Leave out the lines before the one with "(hS : valid_zf_scheme"; output that line and all remaining lines of the records exactly.

Start of Data for analysis

(* For any uplink zero-forcing message passing decoding scheme in the locally connected network with connectivity parameter $L$, and any two decoding pairs $(\text{MT } i_1,\text{BS } j_1)$ and $(\text{MT } i_2,\text{BS } j_2)$, we have $i_1>i_2$ if and only if $j_1>j_2$.
   Context: Network: $K$ base stations BS $1,\dots,K$ and $K$ mobile terminals MT $1,\dots,K$, single-antenna; the channel coefficient $H_{i,j}$ between MT $i$ and BS $j$ is zero iff $i\notin\{j,\dots,j+L\}$, nonzero coefficients generic (drawn from a continuous joint distribution). Uplink: BS $j$ receives $Y_j=\sum_iH_{i,j}X_i+Z_j$. MT $i$ has message $W_i$ and is associated with a set $\mathcal C_i\subseteq[K]$ of base stations, $|\mathcal C_i|\le N_c$. Zero-forcing message passing decoding: each message is decoded at at most one base station; a decoded message is passed over the backhaul to the other base stations in its association set, which use it only to cancel its interference. The pair (MT $j$, BS $i$) is a decoding pair if $i\in\mathcal C_j$ and, given the messages $B_i$ that BS $i$ has received over the backhaul, the noiseless signal $Y_i-Z_i$ depends on $W_j$ and on no other message, so $W_j$ is decoded at BS $i$. *)

From mathcomp Require Import all_boot all_order all_algebra.
Set Implicit Arguments. Unset Strict Implicit. Unset Printing Implicit Defensive.
Import GRing.Theory.
Local Open Scope ring_scope.

(* Indices: MTs and BSs are 'I_K (0-based).  H i j is the channel coefficient
   between MT i and BS j. *)

Definition locally_connected (R : nzRingType) (K L : nat) (H : 'M[R]_K) : Prop :=
  forall (i j : 'I_K), H i j != 0 <-> (j <= i <= j + L)%N.

Definition noiseless_signal (R : nzRingType) (K : nat) (H : 'M[R]_K) (j : 'I_K)
  (x : 'I_K -> R) : R := \sum_(k < K) H k j * x k.

Definition depends_on (R : nzRingType) (K : nat) (H : 'M[R]_K) (j k : 'I_K) : Prop :=
  exists x x' : 'I_K -> R, (forall l, l != k -> x l = x' l) /\
    noiseless_signal H j x != noiseless_signal H j x'.

Definition zf_decodable (R : nzRingType) (K : nat) (H : 'M[R]_K)
  (B : {set 'I_K}) (j m : 'I_K) : Prop :=
  forall k : 'I_K, k \notin B -> (depends_on H j k <-> k = m).

(* A zero-forcing message passing decoding scheme: association sets and a
   decoding order, a sequence of (MT, BS) pairs: message of MT m is decoded at
   BS b, in this order. *)
Record zf_scheme (K : nat) := ZFScheme {
  assoc : 'I_K -> {set 'I_K};
  dorder : seq ('I_K * 'I_K)
}.

Definition backhaul (K : nat) (S : zf_scheme K) (t : nat) (b : 'I_K) : {set 'I_K} :=
  [set m | has (fun p : 'I_K * 'I_K => (p.1 == m) && (b \in assoc S p.1))
               (take t (dorder S))].

Definition valid_zf_scheme (R : nzRingType) (K Nc : nat) (H : 'M[R]_K)
  (S : zf_scheme K) : Prop :=
  [/\ forall m : 'I_K, (#|assoc S m| <= Nc)%N,
      uniq (map fst (dorder S))
    & forall t : nat, (t < size (dorder S))%N ->
        forall p : 'I_K * 'I_K, nth p (dorder S) t = p ->
          p.2 \in assoc S p.1 /\ zf_decodable H (backhaul S t p.2) p.2 p.1].

Definition decoding_pair (K : nat) (S : zf_scheme K) (i j : 'I_K) : Prop :=
  (i, j) \in dorder S.

(* When MT i is decoded at BS j, every other MT interfering at BS j must
   already have been decoded, or BS j would still see its message.  So two
   decoding pairs whose MTs each interfere at the other's BS would have to be
   decoded strictly before one another.  In the locally connected network a
   decoded MT lies in the window [j, j + L] of its BS, and crossing pairs
   would put each MT in the other's window; equal MTs give equal pairs since
   each message is decoded only once. *)
From mathcomp Require Import all_boot all_order all_algebra.
From mathcomp Require Import zify.
Import GRing.Theory.
Set Implicit Arguments. Unset Strict Implicit.

Lemma depends_onE (R : nzRingType) (K : nat) (H : 'M[R]_K) (j k : 'I_K) :
  depends_on H j k <-> H k j != 0%R.
Proof.
split.
- case=> x [x' [eq_x]]; apply: contra => /eqP Hkj0; apply/eqP.
  apply: eq_bigr => l _.
  by have [->|/eq_x ->] := eqVneq l k; rewrite ?Hkj0 ?mul0r.
- move=> Hkj_neq0; exists (fun _ => 0%R), (fun l => ((l == k)%:R)%R); split.
    by move=> l /negbTE ->.
  rewrite /noiseless_signal big1 => [|l _]; last by rewrite mulr0.
  rewrite (bigD1 k) //= eqxx mulr1 big1 ?addr0 => [|l /negbTE ->]; last first.
    by rewrite mulr0.
  by rewrite eq_sym.
Qed.

(* The step at which message [m] is decoded ([size (dorder S)] if never). *)
Definition decoding_time (K : nat) (S : zf_scheme K) (m : 'I_K) : nat :=
  index m (map fst (dorder S)).

Lemma backhaul_decoded_before (K : nat) (S : zf_scheme K) (t : nat) (b k : 'I_K) :
  k \in backhaul S t b -> (decoding_time S k < t)%N.
Proof.
rewrite inE => /hasP [p p_in /andP [/eqP p1k _]].
have k_in : k \in take t (map fst (dorder S)).
  by rewrite -map_take; apply/mapP; exists p.
rewrite /decoding_time -(cat_take_drop t (map fst (dorder S))) index_cat k_in.
rewrite -index_mem in k_in.
by apply: leq_trans k_in _; rewrite size_take_min geq_minl.
Qed.

Lemma decoding_time_index (K : nat) (S : zf_scheme K) (p : 'I_K * 'I_K) :
  uniq (map fst (dorder S)) -> p \in dorder S ->
  decoding_time S p.1 = index p (dorder S).
Proof.
move=> uniq_fst p_in.
rewrite /decoding_time -{1}(nth_index p p_in) -(nth_map p p.1) ?index_mem //.
by rewrite index_uniq ?size_map ?index_mem.
Qed.

Section ValidScheme.

Variables (R : nzRingType) (K Nc : nat) (H : 'M[R]_K) (S : zf_scheme K).
Hypothesis S_valid : valid_zf_scheme Nc H S.

Lemma decoding_pair_uniq (i j1 j2 : 'I_K) :
  decoding_pair S i j1 -> decoding_pair S i j2 -> j1 = j2.
Proof.
case: S_valid => _ uniq_fst _ p1 p2.
have := decoding_time_index uniq_fst p2; rewrite (decoding_time_index uniq_fst p1).
by move=> /(congr1 (nth (i, j1) (dorder S))); rewrite !nth_index // => -[].
Qed.

Lemma decoding_pair_zf_decodable (i j : 'I_K) : decoding_pair S i j ->
  zf_decodable H (backhaul S (decoding_time S i) j) j i.
Proof.
case: S_valid => _ uniq_fst dec p_in.
rewrite (decoding_time_index uniq_fst p_in).
have t_lt : (index (i, j) (dorder S) < size (dorder S))%N by rewrite index_mem.
by have [] := dec _ t_lt (i, j) (nth_index _ p_in).
Qed.

Lemma decoding_pair_gain_neq0 (i j : 'I_K) : decoding_pair S i j -> H i j != 0%R.
Proof.
move=> p_in; apply/depends_onE/(decoding_pair_zf_decodable p_in) => //.
by apply/negP => /backhaul_decoded_before; rewrite ltnn.
Qed.

Lemma interferer_decoded_before (i j k : 'I_K) : decoding_pair S i j ->
  k != i -> H k j != 0%R -> (decoding_time S k < decoding_time S i)%N.
Proof.
move=> p_in k_neq_i Hkj_neq0.
have [/backhaul_decoded_before //|k_notin] :=
  boolP (k \in backhaul S (decoding_time S i) j).
have /eqP := (decoding_pair_zf_decodable p_in k_notin).1 ((depends_onE _ _ _).2 Hkj_neq0).
by rewrite (negbTE k_neq_i).
Qed.

Lemma no_mutual_interference (a b c d : 'I_K) :
  decoding_pair S a b -> decoding_pair S c d -> a != c ->
  H c b != 0%R -> H a d != 0%R -> False.
Proof.
move=> pab pcd a_neq_c Hcb Had.
have c_neq_a : c != a by rewrite eq_sym.
have lt_ca := interferer_decoded_before pab c_neq_a Hcb.
have lt_ac := interferer_decoded_before pcd a_neq_c Had.
by have := ltn_trans lt_ac lt_ca; rewrite ltnn.
Qed.

End ValidScheme.

Theorem corollary1 (R : fieldType) (K L Nc : nat) (H : 'M[R]_K)
  (hH : locally_connected L H) (S : zf_scheme K)
  (hS : valid_zf_scheme Nc H S) (i1 j1 i2 j2 : 'I_K) :
  decoding_pair S i1 j1 -> decoding_pair S i2 j2 ->
  ((i2 < i1)%N <-> (j2 < j1)%N).
Proof.
move=> p1 p2.
have /hH win1 := decoding_pair_gain_neq0 hS p1.
have /hH win2 := decoding_pair_gain_neq0 hS p2.
have crossing := no_mutual_interference hS.
split=> lt.
- rewrite ltnNge; apply/negP => le_j.
  apply: (crossing _ _ _ _ p1 p2); first by rewrite neq_ltn lt orbT.
  + by apply/hH; lia.
  + by apply/hH; lia.
- have [//|lt_i|/val_inj eq_i] := ltngtP i2 i1.
  + exfalso; apply: (crossing _ _ _ _ p1 p2); first by rewrite neq_ltn lt_i.
    * by apply/hH; lia.
    * by apply/hH; lia.
  + move: p2; rewrite eq_i => /(decoding_pair_uniq hS p1) eq_j.
    by move: lt; rewrite eq_j ltnn.
Qed.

End of Data for analysis

## Result of the exercise
  (hS : valid_zf_scheme Nc H S) (i1 j1 i2 j2 : 'I_K) :
  decoding_pair S i1 j1 -> decoding_pair S i2 j2 ->
  ((i2 < i1)%N <-> (j2 < j1)%N).
Proof.
move=> p1 p2.
have /hH win1 := decoding_pair_gain_neq0 hS p1.
have /hH win2 := decoding_pair_gain_neq0 hS p2.
have crossing := no_mutual_interference hS.
split=> lt.
- rewrite ltnNge; apply/negP => le_j.
  apply: (crossing _ _ _ _ p1 p2); first by rewrite neq_ltn lt orbT.
  + by apply/hH; lia.
  + by apply/hH; lia.
- have [//|lt_i|/val_inj eq_i] := ltngtP i2 i1.
  + exfalso; apply: (crossing _ _ _ _ p1 p2); first by rewrite neq_ltn lt_i.
    * by apply/hH; lia.
    * by apply/hH; lia.
  + move: p2; rewrite eq_i => /(decoding_pair_uniq hS p1) eq_j.
    by move: lt; rewrite eq_j ltnn.
Qed.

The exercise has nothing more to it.